What is expected →
Reproduce the entries exactly.

[Saved data entries]
┌──
(* Let $\Phi$ be an irreducible crystallographic root system with simple system $S$ and positive system $\Phi^+$, let $k$ be a positive integer, let $\mathcal{I}=(I_1,\ldots,I_k)$ be a geometric chain of $k$ ideals in the root poset, and let $\underline{\mathcal{I}}=(\underline{I}_1,\ldots,\underline{I}_{k+1})$ with $\underline{I}_i=I_i$ for $i\le k$ and $\underline{I}_{k+1}=\bigcup_{i+j=k+1}((I_i+I_j)\cap\Phi^+)\cup I_k\cup S$. If $\alpha$ is a rank $r$ indecomposable element of $\mathcal{I}$, then $\alpha$ is a rank $r$ indecomposable element of $\underline{\mathcal{I}}$.
   Context: Root poset: $\Phi^+$ with $\alpha\le\beta$ iff $\beta-\alpha$ is a nonnegative integer combination of $S$; ideals are down-closed subsets. Sumsets: $A+B=\{a+b\mid a\in A,b\in B\}$. An ascending chain $I_1\subseteq\cdots\subseteq I_K$ of ideals, with $J_i=\Phi^+\setminus I_i$, is geometric if $(I_i+I_j)\cap\Phi^+\subseteq I_{i+j}$ for $i,j\in\{0,\ldots,K\}$, $i+j\le K$, and $(J_i+J_j)\cap\Phi^+\subseteq J_{i+j}$ for $i,j\in\{0,\ldots,K\}$, where $I_0=\varnothing$, $J_0=\Phi^+$, $J_i=J_K$ for $i>K$. (In $\underline{I}_{k+1}$, $i,j\in\{0,\ldots,k\}$.) For a chain $\mathcal{I}=(I_1,\ldots,I_K)$, $r_\alpha(\mathcal{I})=\min\{r_1+\cdots+r_m\mid\alpha=\alpha_1+\cdots+\alpha_m,\alpha_i\in I_{r_i},r_i\in\{1,\ldots,K\}\}$, $\infty$ if none. An element $\alpha\in\Phi^+$ is a rank $r$ indecomposable element of $\mathcal{I}$ (a chain of $K$ ideals, $r\in\{1,\ldots,K\}$) if $\alpha\in I_r$ and (i) $r_\alpha(\mathcal{I})=r$; (ii) $\alpha\notin I_i+I_j$ whenever $i+j=r$ (with $I_0=\varnothing$); (iii) whenever $\beta\in\Phi^+$ and $r_{\alpha+\beta}(\mathcal{I})=t\le K$, then $\beta\in I_{t-r}$. Here $K=k$ for $\mathcal{I}$ and $K=k+1$ for $\underline{\mathcal{I}}$. *)

From mathcomp Require Import all_boot all_order all_algebra.
Set Implicit Arguments. Unset Strict Implicit. Unset Printing Implicit Defensive.
Import Order.TTheory GRing.Theory Num.Theory.
Local Open Scope ring_scope.

Section RootSystems.
Variables (R : realFieldType) (n : nat).
Local Notation V := 'rV[R]_n.

Definition dotv (u v : V) : R := (u *m v^T) 0 0.

Definition cartan (b a : V) : R := 2 * dotv b a / dotv a a.
Definition reflect_root (a b : V) : V := b - cartan b a *: a.

Definition root_system (Phi : seq V) : Prop :=
  [/\ uniq Phi && ((0 : V) \notin Phi),
      (forall v : V, exists c : ('I_(size Phi) -> R),
          v = \sum_(i < size Phi) c i *: Phi`_i),
      (forall a b, a \in Phi -> b \in Phi -> reflect_root a b \in Phi),
      (forall a b, a \in Phi -> b \in Phi -> exists z : int, cartan b a = z%:~R) &
      (forall a (c : R), a \in Phi -> c *: a \in Phi -> c = 1 \/ c = -1)].

Definition irreducible_rs (Phi : seq V) : Prop :=
  forall P : V -> bool,
    (exists2 a, a \in Phi & P a) -> (exists2 a, a \in Phi & ~~ P a) ->
    exists a b, [/\ a \in Phi, b \in Phi, P a, ~~ P b & dotv a b != 0].

Definition nncomb (S : seq V) (v : V) : Prop :=
  exists c : ('I_(size S) -> nat), v = \sum_(i < size S) (c i)%:R *: S`_i.

Definition simple_system (Phi S : seq V) : Prop :=
  [/\ uniq S,
      {subset S <= Phi},
      (forall c : ('I_(size S) -> R),
          \sum_(i < size S) c i *: S`_i = 0 -> forall i, c i = 0) &
      (forall a, a \in Phi -> nncomb S a \/ nncomb S (- a))].

Definition pos_roots (Phi S : seq V) (v : V) : Prop := v \in Phi /\ nncomb S v.

Definition root_le (S : seq V) (a b : V) : Prop := nncomb S (b - a).

Definition is_ideal (Phi S : seq V) (I : V -> Prop) : Prop :=
  (forall v, I v -> pos_roots Phi S v) /\
  (forall a b, pos_roots Phi S a -> I b -> root_le S a b -> I a).

(* a chain of K ideals is I : nat -> V -> Prop, only indices 1..K matter;
   Iz extends it with I_0 = empty. *)
Definition Iz (I : nat -> V -> Prop) (i : nat) (v : V) : Prop :=
  if i is 0 then False else I i v.

(* J_0 = Phi^+, J_i = Phi^+ \ I_i for 1 <= i <= K, J_i = J_K for i > K *)
Definition Jz (Phi S : seq V) (K : nat) (I : nat -> V -> Prop) (i : nat) (v : V)
  : Prop :=
  if i is 0 then pos_roots Phi S v
  else pos_roots Phi S v /\ ~ I (minn i K) v.

Definition chain_of_ideals (Phi S : seq V) (K : nat) (I : nat -> V -> Prop) :=
  (forall i, (1 <= i <= K)%N -> is_ideal Phi S (I i)) /\
  (forall i v, (1 <= i)%N -> (i < K)%N -> I i v -> I i.+1 v).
└──
Reply to the exercise →
(* Let $\Phi$ be an irreducible crystallographic root system with simple system $S$ and positive system $\Phi^+$, let $k$ be a positive integer, let $\mathcal{I}=(I_1,\ldots,I_k)$ be a geometric chain of $k$ ideals in the root poset, and let $\underline{\mathcal{I}}=(\underline{I}_1,\ldots,\underline{I}_{k+1})$ with $\underline{I}_i=I_i$ for $i\le k$ and $\underline{I}_{k+1}=\bigcup_{i+j=k+1}((I_i+I_j)\cap\Phi^+)\cup I_k\cup S$. If $\alpha$ is a rank $r$ indecomposable element of $\mathcal{I}$, then $\alpha$ is a rank $r$ indecomposable element of $\underline{\mathcal{I}}$.
   Context: Root poset: $\Phi^+$ with $\alpha\le\beta$ iff $\beta-\alpha$ is a nonnegative integer combination of $S$; ideals are down-closed subsets. Sumsets: $A+B=\{a+b\mid a\in A,b\in B\}$. An ascending chain $I_1\subseteq\cdots\subseteq I_K$ of ideals, with $J_i=\Phi^+\setminus I_i$, is geometric if $(I_i+I_j)\cap\Phi^+\subseteq I_{i+j}$ for $i,j\in\{0,\ldots,K\}$, $i+j\le K$, and $(J_i+J_j)\cap\Phi^+\subseteq J_{i+j}$ for $i,j\in\{0,\ldots,K\}$, where $I_0=\varnothing$, $J_0=\Phi^+$, $J_i=J_K$ for $i>K$. (In $\underline{I}_{k+1}$, $i,j\in\{0,\ldots,k\}$.) For a chain $\mathcal{I}=(I_1,\ldots,I_K)$, $r_\alpha(\mathcal{I})=\min\{r_1+\cdots+r_m\mid\alpha=\alpha_1+\cdots+\alpha_m,\alpha_i\in I_{r_i},r_i\in\{1,\ldots,K\}\}$, $\infty$ if none. An element $\alpha\in\Phi^+$ is a rank $r$ indecomposable element of $\mathcal{I}$ (a chain of $K$ ideals, $r\in\{1,\ldots,K\}$) if $\alpha\in I_r$ and (i) $r_\alpha(\mathcal{I})=r$; (ii) $\alpha\notin I_i+I_j$ whenever $i+j=r$ (with $I_0=\varnothing$); (iii) whenever $\beta\in\Phi^+$ and $r_{\alpha+\beta}(\mathcal{I})=t\le K$, then $\beta\in I_{t-r}$. Here $K=k$ for $\mathcal{I}$ and $K=k+1$ for $\underline{\mathcal{I}}$. *)

From mathcomp Require Import all_boot all_order all_algebra.
Set Implicit Arguments. Unset Strict Implicit. Unset Printing Implicit Defensive.
Import Order.TTheory GRing.Theory Num.Theory.
Local Open Scope ring_scope.

Section RootSystems.
Variables (R : realFieldType) (n : nat).
Local Notation V := 'rV[R]_n.

Definition dotv (u v : V) : R := (u *m v^T) 0 0.

Definition cartan (b a : V) : R := 2 * dotv b a / dotv a a.
Definition reflect_root (a b : V) : V := b - cartan b a *: a.

Definition root_system (Phi : seq V) : Prop :=
  [/\ uniq Phi && ((0 : V) \notin Phi),
      (forall v : V, exists c : ('I_(size Phi) -> R),
          v = \sum_(i < size Phi) c i *: Phi`_i),
      (forall a b, a \in Phi -> b \in Phi -> reflect_root a b \in Phi),
      (forall a b, a \in Phi -> b \in Phi -> exists z : int, cartan b a = z%:~R) &
      (forall a (c : R), a \in Phi -> c *: a \in Phi -> c = 1 \/ c = -1)].

Definition irreducible_rs (Phi : seq V) : Prop :=
  forall P : V -> bool,
    (exists2 a, a \in Phi & P a) -> (exists2 a, a \in Phi & ~~ P a) ->
    exists a b, [/\ a \in Phi, b \in Phi, P a, ~~ P b & dotv a b != 0].

Definition nncomb (S : seq V) (v : V) : Prop :=
  exists c : ('I_(size S) -> nat), v = \sum_(i < size S) (c i)%:R *: S`_i.

Definition simple_system (Phi S : seq V) : Prop :=
  [/\ uniq S,
      {subset S <= Phi},
      (forall c : ('I_(size S) -> R),
          \sum_(i < size S) c i *: S`_i = 0 -> forall i, c i = 0) &
      (forall a, a \in Phi -> nncomb S a \/ nncomb S (- a))].

Definition pos_roots (Phi S : seq V) (v : V) : Prop := v \in Phi /\ nncomb S v.

Definition root_le (S : seq V) (a b : V) : Prop := nncomb S (b - a).

Definition is_ideal (Phi S : seq V) (I : V -> Prop) : Prop :=
  (forall v, I v -> pos_roots Phi S v) /\
  (forall a b, pos_roots Phi S a -> I b -> root_le S a b -> I a).

(* a chain of K ideals is I : nat -> V -> Prop, only indices 1..K matter;
   Iz extends it with I_0 = empty. *)
Definition Iz (I : nat -> V -> Prop) (i : nat) (v : V) : Prop :=
  if i is 0 then False else I i v.

(* J_0 = Phi^+, J_i = Phi^+ \ I_i for 1 <= i <= K, J_i = J_K for i > K *)
Definition Jz (Phi S : seq V) (K : nat) (I : nat -> V -> Prop) (i : nat) (v : V)
  : Prop :=
  if i is 0 then pos_roots Phi S v
  else pos_roots Phi S v /\ ~ I (minn i K) v.

Definition chain_of_ideals (Phi S : seq V) (K : nat) (I : nat -> V -> Prop) :=
  (forall i, (1 <= i <= K)%N -> is_ideal Phi S (I i)) /\
  (forall i v, (1 <= i)%N -> (i < K)%N -> I i v -> I i.+1 v).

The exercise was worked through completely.